» Work to complete
Search the listing for the string "radius" and copy every line that contains it.
=== Section Start ===
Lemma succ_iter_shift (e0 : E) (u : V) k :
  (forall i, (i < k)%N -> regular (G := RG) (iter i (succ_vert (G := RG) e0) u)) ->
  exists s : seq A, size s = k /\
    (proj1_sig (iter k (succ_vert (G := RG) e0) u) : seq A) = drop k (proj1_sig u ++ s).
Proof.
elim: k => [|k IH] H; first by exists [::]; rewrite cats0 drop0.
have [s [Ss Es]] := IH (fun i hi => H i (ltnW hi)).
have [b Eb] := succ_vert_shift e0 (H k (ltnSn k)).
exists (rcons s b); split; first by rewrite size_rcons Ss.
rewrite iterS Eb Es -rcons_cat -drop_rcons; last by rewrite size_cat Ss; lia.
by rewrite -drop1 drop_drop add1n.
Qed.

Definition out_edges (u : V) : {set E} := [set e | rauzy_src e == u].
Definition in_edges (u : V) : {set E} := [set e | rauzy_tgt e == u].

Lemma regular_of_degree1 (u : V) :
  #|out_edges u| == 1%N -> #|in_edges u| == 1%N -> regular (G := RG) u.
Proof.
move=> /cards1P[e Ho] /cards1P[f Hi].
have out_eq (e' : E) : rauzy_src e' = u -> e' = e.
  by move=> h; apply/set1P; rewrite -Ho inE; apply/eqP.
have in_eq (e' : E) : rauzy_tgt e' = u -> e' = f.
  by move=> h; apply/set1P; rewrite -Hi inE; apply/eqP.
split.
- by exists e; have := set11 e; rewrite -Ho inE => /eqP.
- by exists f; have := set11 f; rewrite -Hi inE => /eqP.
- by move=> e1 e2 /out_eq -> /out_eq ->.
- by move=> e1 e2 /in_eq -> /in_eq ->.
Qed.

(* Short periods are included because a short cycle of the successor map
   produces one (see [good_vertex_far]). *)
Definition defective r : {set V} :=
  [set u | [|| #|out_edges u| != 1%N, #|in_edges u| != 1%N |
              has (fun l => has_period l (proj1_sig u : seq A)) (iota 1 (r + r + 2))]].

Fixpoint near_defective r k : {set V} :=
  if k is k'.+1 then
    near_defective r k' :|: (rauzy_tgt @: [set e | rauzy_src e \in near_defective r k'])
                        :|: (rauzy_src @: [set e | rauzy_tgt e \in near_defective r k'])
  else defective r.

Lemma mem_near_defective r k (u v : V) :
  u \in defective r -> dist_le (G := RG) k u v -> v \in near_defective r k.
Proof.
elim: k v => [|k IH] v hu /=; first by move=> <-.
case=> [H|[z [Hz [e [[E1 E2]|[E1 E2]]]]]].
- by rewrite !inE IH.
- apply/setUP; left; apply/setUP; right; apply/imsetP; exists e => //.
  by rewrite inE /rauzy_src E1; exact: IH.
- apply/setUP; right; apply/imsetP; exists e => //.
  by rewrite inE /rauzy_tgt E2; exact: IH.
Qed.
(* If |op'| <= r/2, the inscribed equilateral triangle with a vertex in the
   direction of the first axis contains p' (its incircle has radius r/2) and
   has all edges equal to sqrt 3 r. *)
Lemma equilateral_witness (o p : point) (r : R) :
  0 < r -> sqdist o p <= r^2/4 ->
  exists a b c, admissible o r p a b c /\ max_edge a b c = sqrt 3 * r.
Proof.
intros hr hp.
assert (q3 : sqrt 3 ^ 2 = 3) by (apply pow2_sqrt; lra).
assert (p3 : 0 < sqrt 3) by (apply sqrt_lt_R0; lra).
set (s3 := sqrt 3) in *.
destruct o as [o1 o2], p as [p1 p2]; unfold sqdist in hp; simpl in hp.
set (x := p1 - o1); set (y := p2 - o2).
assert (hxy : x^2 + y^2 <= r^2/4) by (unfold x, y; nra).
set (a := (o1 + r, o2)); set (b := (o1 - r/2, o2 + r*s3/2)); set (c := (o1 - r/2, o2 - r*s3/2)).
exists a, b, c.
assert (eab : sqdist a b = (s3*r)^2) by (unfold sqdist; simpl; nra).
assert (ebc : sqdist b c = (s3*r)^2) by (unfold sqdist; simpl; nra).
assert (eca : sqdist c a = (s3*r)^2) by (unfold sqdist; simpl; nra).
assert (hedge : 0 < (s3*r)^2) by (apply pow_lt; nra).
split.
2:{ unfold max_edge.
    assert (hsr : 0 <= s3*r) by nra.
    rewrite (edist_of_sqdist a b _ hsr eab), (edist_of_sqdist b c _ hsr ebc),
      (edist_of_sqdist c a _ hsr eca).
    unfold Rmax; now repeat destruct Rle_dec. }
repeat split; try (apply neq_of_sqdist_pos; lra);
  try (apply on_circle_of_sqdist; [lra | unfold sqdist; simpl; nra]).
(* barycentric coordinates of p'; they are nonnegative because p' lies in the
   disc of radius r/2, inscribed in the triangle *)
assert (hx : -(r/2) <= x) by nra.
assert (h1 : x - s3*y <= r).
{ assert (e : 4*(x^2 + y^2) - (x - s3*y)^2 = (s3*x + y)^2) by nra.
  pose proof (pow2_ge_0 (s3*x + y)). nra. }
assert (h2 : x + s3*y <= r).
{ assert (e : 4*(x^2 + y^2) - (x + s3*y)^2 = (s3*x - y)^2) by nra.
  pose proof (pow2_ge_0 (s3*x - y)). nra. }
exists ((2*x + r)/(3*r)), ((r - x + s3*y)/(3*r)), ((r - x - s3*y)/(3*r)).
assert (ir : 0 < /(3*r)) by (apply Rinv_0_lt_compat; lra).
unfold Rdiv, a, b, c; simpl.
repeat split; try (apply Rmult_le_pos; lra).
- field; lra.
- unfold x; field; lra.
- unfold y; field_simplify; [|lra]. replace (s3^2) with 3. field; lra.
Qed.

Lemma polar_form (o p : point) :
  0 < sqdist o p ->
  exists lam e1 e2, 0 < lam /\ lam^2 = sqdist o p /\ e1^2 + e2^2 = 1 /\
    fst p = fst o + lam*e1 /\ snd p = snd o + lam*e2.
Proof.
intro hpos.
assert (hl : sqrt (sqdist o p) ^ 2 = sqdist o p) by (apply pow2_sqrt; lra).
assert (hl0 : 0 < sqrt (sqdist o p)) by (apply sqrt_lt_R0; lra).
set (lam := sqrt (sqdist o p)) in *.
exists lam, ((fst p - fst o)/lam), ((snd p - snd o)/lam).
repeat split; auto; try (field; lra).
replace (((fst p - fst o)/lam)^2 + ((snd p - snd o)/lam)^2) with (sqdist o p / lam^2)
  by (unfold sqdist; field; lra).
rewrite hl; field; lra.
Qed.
=== Section End ===
» Response box
   direction of the first axis contains p' (its incircle has radius r/2) and
   disc of radius r/2, inscribed in the triangle *)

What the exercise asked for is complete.